Work instruction: Please return every line in the entries below with the word "finite" in it.

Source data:
****
(* Let $k$ be an étale cubic algebra over $\mathbb{Q}$ and let $\mathcal{O}\subset\mathcal{O}_k$ be a cubic ring contained in $k$ such that the index $f=(\mathcal{O}_k:\mathcal{O})$ is square free. Then there exists a normalized basis $\{1,\omega,\theta\}$ of $\mathcal{O}_k$ such that $\mathcal{O}=[1,f\omega,\theta]$ and $\mathfrak{f}=[f,f\omega,\theta]$ is the conductor of $\mathcal{O}$. In particular $\mathcal{O}=\mathbb{Z}+\mathfrak{f}$ and $N(\mathfrak{f})=f^2$.
   Context: An étale cubic algebra is a direct sum of number fields of total degree $3$ over $\mathbb{Q}$; $\mathcal{O}_k$ is its maximal order. A cubic ring is a commutative ring with unit, free of rank $3$ as a $\mathbb{Z}$-module. A $\mathbb{Z}$-basis $\{1,\omega,\theta\}$ of a cubic ring is normalized if $\omega\theta\in\mathbb{Z}$. $[\beta_1,\beta_2,\beta_3]$ denotes the $\mathbb{Z}$-module generated by $\beta_1,\beta_2,\beta_3$. The conductor of $\mathcal{O}$ is the largest $\mathcal{O}_k$-ideal contained in $\mathcal{O}$; $N(\mathfrak{f})=(\mathcal{O}_k:\mathfrak{f})$. *)

From HB Require Import structures.
From mathcomp Require Import all_boot all_order all_algebra all_field.
Set Implicit Arguments. Unset Strict Implicit. Unset Printing Implicit Defensive.
Import Order.TTheory GRing.Theory Num.Theory.
Local Open Scope ring_scope.

Definition kset (k : Type) := k -> Prop.

Section Cubic.
Variable k : falgType rat.

(* An etale cubic algebra over Q: commutative, of dimension 3, reduced
   (in characteristic 0 a finite commutative algebra is etale, i.e. a
   finite product of number fields, iff it is reduced). *)
Definition etale_cubic : Prop :=
  [/\ (forall x y : k, x * y = y * x),
      \dim (fullv : {vspace k}) = 3%N &
      (forall x : k, x ^+ 2 = 0 -> x = 0)].

Definition zspan3 (b1 b2 b3 : k) : kset k :=
  fun x => exists a1 a2 a3 : int, x = b1 *~ a1 + b2 *~ a2 + b3 *~ a3.

Definition zfree3 (b1 b2 b3 : k) : Prop :=
  forall a1 a2 a3 : int, b1 *~ a1 + b2 *~ a2 + b3 *~ a3 = 0 ->
    [/\ a1 = 0, a2 = 0 & a3 = 0].

Definition kseteq (A B : kset k) : Prop := forall x, A x <-> B x.
Definition ksubset (A B : kset k) : Prop := forall x, A x -> B x.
****
Solved exercise:
   (in characteristic 0 a finite commutative algebra is etale, i.e. a
   finite product of number fields, iff it is reduced). *)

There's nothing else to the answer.